Lemma riccati_wronskian (li lj : R -> R) :
  riccati_sol q T li -> riccati_sol q T lj ->
  forall t, 0 <= t < T -> (li t - lj t) * (expint li t * expint lj t) = li 0 - lj 0.
Proof.
  intros Hi Hj t Ht.
  pose proof (riccati_continuous li Hi) as Ci. pose proof (riccati_continuous lj Hj) as Cj.
  rewrite (constant_of_derive_0 T (fun t => (li t - lj t) * (expint li t * expint lj t)));
    [rewrite !expint_0; ring | | |exact Ht].
  - apply continuous_Ico0_mult; [now apply continuous_Ico0_minus|].
    apply continuous_Ico0_mult; now apply continuous_Ico0_expint.
  - intros x Hx. derive_then_eq.
    + apply (is_derive_mult (fun t => li t - lj t) (fun t => expint li t * expint lj t));
        [|apply (is_derive_mult (expint li) (expint lj)) | exact Rmult_comm].
      * apply (is_derive_minus li lj); [apply Hi | apply Hj]; exact Hx.
      * now apply is_derive_expint with T.
      * now apply is_derive_expint with T.
      * exact Rmult_comm.
    + simpl. unfold plus, mult, minus, opp; simpl. unfold plus, opp; simpl. ring.
Qed.

Lemma riccati_blowup_sub_bounded (li lj : R -> R) :
  riccati_sol q T li -> riccati_sol q T lj ->
  at_left T (fun t => 0 < li t) -> at_left T (fun t => 0 < lj t) ->
  exists M, at_left T (fun t => Rabs (li t - lj t) <= M).
Proof.
  intros Hi Hj Pi Pj.
  destruct (expint_ge_of_pos T li T_gt0 (riccati_continuous li Hi) Pi) as [ci [Hci Ei]].
  destruct (expint_ge_of_pos T lj T_gt0 (riccati_continuous lj Hj) Pj) as [cj [Hcj Ej]].
  exists (Rabs (li 0 - lj 0) / (ci * cj)).
  generalize (filter_and _ _ (at_left_Ioo 0 T T_gt0) (filter_and _ _ Ei Ej)).
  apply filter_imp. intros t [Ht [Hit Hjt]].
  rewrite <- (riccati_wronskian li lj Hi Hj t) by lra.
  rewrite Rabs_mult, (Rabs_pos_eq (expint li t * expint lj t))
    by (left; apply Rmult_lt_0_compat; apply expint_pos).
  apply Rle_div_r; [apply Rmult_lt_0_compat; lra|]. apply Rmult_le_compat_l; [apply Rabs_pos|].
  apply Rmult_le_compat; lra.
Qed.
(* (i) If the language $L(\mathcal{A})$ accepted by the NFA $\mathcal{A}$ is finite, then $\mathcal{H}_\kappa(L_1,L_2)$ is regular. (ii) If $L(\mathcal{A})$ is infinite and either $L_1$ is finite or $L_2$ is finite, then $\mathcal{H}_\kappa(L_1,L_2)$ is not regular.
   Context: $\Sigma$ is a finite alphabet with at least two letters with an involution $a\mapsto\bar a$ ($\bar{\bar a}=a$), extended to words by $\overline{a_1\cdots a_m}=\bar a_m\cdots\bar a_1$ and to languages elementwise. $\kappa$ is a fixed positive integer. $\mathcal{H}_\kappa(L_1,L_2)=\{\gamma\alpha\beta\bar\alpha\bar\gamma:|\alpha|\ge\kappa,\ \gamma\alpha\beta\bar\alpha\in L_1\text{ or }\alpha\beta\bar\alpha\bar\gamma\in L_2\}$. $L_1,L_2$ are regular; $\mathcal{A}_1=(Q_1,\Sigma,E_1,\{q_{01}\},F_1)$ is a complete DFA accepting $L_1$, $\mathcal{A}_2=(Q_2,\Sigma,E_2,\{q_{02}\},F_2)$ a complete DFA accepting $\overline{L_2}$; $p\cdot w$ is the state reached from $p$ on $w$. Construction of $\mathcal{A}$: $Q_{12}=\{(q_{01}\cdot w,q_{02}\cdot w):w\in\Sigma^*\}$ with $(p_1,p_2)\cdot w=(p_1\cdot w,p_2\cdot w)$. For $(p_1,p_2,q_1,q_2)\in Q_1\times Q_2\times Q_1\times Q_2$ let $B(p_1,p_2,q_1,q_2)=\{w:p_1\cdot w=q_1,\ p_2\cdot\bar w=q_2\}$; the quadruple is a basic bridge if this set is nonempty. States of $\mathcal{A}$ are all $((p_1,p_2),q_1,q_2,\ell)$ with $(p_1,p_2)\in Q_{12}$, $q_i\in Q_i$, $\ell\in\{0,\dots,\kappa\}$, $(p_1,p_2,q_1,q_2)$ a basic bridge. For $a\in\Sigma$, $P\in Q_{12}$, $q_i\in Q_i$, there is an $a$-arc from $(P,q_1\cdot\bar a,q_2\cdot\bar a,\ell)$ to $(P\cdot a,q_1,q_2,\ell')$, provided both are states, exactly when: $\ell=\ell'=0$ and $q_1\cdot\bar a\notin F_1$, $q_2\cdot\bar a\notin F_2$; or $\ell=0,\ell'=1$ and ($q_1\cdot\bar a\in F_1$ or $q_2\cdot\bar a\in F_2$); or $1\le\ell<\kappa$ and $\ell'=\ell+1$. Initial states: $((q_{01},q_{02}),q_1',q_2',0)$; final states: those with $\ell=\kappa$. Finally, $\mathcal{A}$ is trimmed: states not reachable from an initial state, or from which no final state is reachable, are removed. *)

From mathcomp Require Import all_boot.
Set Implicit Arguments. Unset Strict Implicit. Unset Printing Implicit Defensive.

Definition language (S : Type) := seq S -> Prop.

Definition finite_lang (S : eqType) (L : language S) : Prop :=
  exists s : seq (seq S), forall w, L w -> w \in s.

Definition wbar (S : Type) (bar : S -> S) (w : seq S) : seq S := rev (map bar w).

Record dfa (S : Type) := DFA {
  dstate : finType;
  dinit : dstate;
  dtrans : dstate -> S -> dstate;
  dfinal : {set dstate} }.

Definition dstar (S : Type) (A : dfa S) (p : dstate A) (w : seq S) : dstate A :=
  foldl (@dtrans S A) p w.

Definition dlang (S : Type) (A : dfa S) : language S :=
  fun w => dstar (dinit A) w \in dfinal A.

Definition regular (S : Type) (L : language S) : Prop :=
  exists A : dfa S, forall w, L w <-> dlang A w.

Definition hairpin (S : Type) (bar : S -> S) (kappa : nat) (L1 L2 : language S)
  : language S :=
  fun w => exists g a b : seq S,
    w = g ++ a ++ b ++ wbar bar a ++ wbar bar g /\ kappa <= size a /\
    (L1 (g ++ a ++ b ++ wbar bar a) \/ L2 (a ++ b ++ wbar bar a ++ wbar bar g)).

(* The NFA construction A from A1 (accepting L1) and A2 (accepting bar L2). *)
Section Construction.
Variables (S : Type) (bar : S -> S) (kappa : nat) (A1 A2 : dfa S).

Definition Q12 (P : dstate A1 * dstate A2) : Prop :=
  exists w, P = (dstar (dinit A1) w, dstar (dinit A2) w).

Definition basic_bridge (p1 : dstate A1) (p2 : dstate A2)
  (q1 : dstate A1) (q2 : dstate A2) : Prop :=
  exists w, dstar p1 w = q1 /\ dstar p2 (wbar bar w) = q2.

Definition nstate : Type := ((dstate A1 * dstate A2) * dstate A1 * dstate A2 * nat)%type.

Definition is_state (s : nstate) : Prop :=
  let: (P, q1, q2, l) := s in Q12 P /\ basic_bridge P.1 P.2 q1 q2 /\ l <= kappa.

Definition arc (a : S) (s t : nstate) : Prop :=
  exists (P : dstate A1 * dstate A2) (q1 : dstate A1) (q2 : dstate A2) (l l' : nat),
    s = (P, dtrans q1 (bar a), dtrans q2 (bar a), l) /\
    t = ((dtrans P.1 a, dtrans P.2 a), q1, q2, l') /\
    is_state s /\ is_state t /\
    [\/ [/\ l = 0, l' = 0, dtrans q1 (bar a) \notin dfinal A1
                          & dtrans q2 (bar a) \notin dfinal A2],
        [/\ l = 0, l' = 1 & (dtrans q1 (bar a) \in dfinal A1) \/
                            (dtrans q2 (bar a) \in dfinal A2)]
      | [/\ 1 <= l, l < kappa & l' = l.+1]].

Definition initial_state (s : nstate) : Prop :=
  exists q1 q2, s = ((dinit A1, dinit A2), q1, q2, 0) /\ is_state s.

Definition final_state (s : nstate) : Prop := is_state s /\ s.2 = kappa.

Fixpoint accepts_from (s : nstate) (w : seq S) : Prop :=
  match w with
  | [::] => final_state s
  | a :: w' => exists t, arc a s t /\ accepts_from t w'
  end.

(* L(A): words labelling a path from an initial to a final state.
   (Trimming does not change the accepted language.) *)
Definition nfa_lang : language S :=
  fun w => exists s, initial_state s /\ accepts_from s w.

End Construction.

From Pilot Require Import Defs.
From mathcomp Require Import all_boot.
From Stdlib Require Import Classical ClassicalEpsilon.
From mathcomp Require Import zify.
Set Implicit Arguments. Unset Strict Implicit. Unset Printing Implicit Defensive.

(* Every hairpin splits as u b u-bar with u = gamma alpha, |alpha| = kappa;
   the words u of L(A) are exactly those for which this split is admissible
   while no longer stem alpha is.  If L(A) is finite, the hairpin language is
   thus a finite union of languages u B_u u-bar with B_u regular.
   If L(A) is infinite, pick u in L(A) much longer than the number of state
   tuples visited by both automata; pigeonhole gives u = x y r such that y is
   a loop after x in A1 and A2, and y-bar a loop after the corresponding
   states reached reading back.  Then x y^k r b r-bar y-bar^k x-bar is a
   hairpin for every k, while for l much larger than k the word
   x y^l r b r-bar y-bar^k x-bar (or its mirror) is not: one side of any
   hairpin factorisation is longer than every word of the finite L_i, and
   on the other side the maximality of the stem of u forbids acceptance of
   long prefixes.  A DFA for the hairpin language would identify x y^k with
   x y^l for some such pair. *)

Section Words.
Variables (S : Type) (bar : S -> S).
Hypothesis Hbar : involutive bar.
Local Notation wb := (wbar bar).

» **Work to complete**
Emit, unaltered, the lines from the top of the listing down through the line that holds "pose proof (riccati_continuous li"; emit nothing else.

» **Written reply**
Lemma riccati_wronskian (li lj : R -> R) :
  riccati_sol q T li -> riccati_sol q T lj ->
  forall t, 0 <= t < T -> (li t - lj t) * (expint li t * expint lj t) = li 0 - lj 0.
Proof.
  intros Hi Hj t Ht.
  pose proof (riccati_continuous li Hi) as Ci. pose proof (riccati_continuous lj Hj) as Cj.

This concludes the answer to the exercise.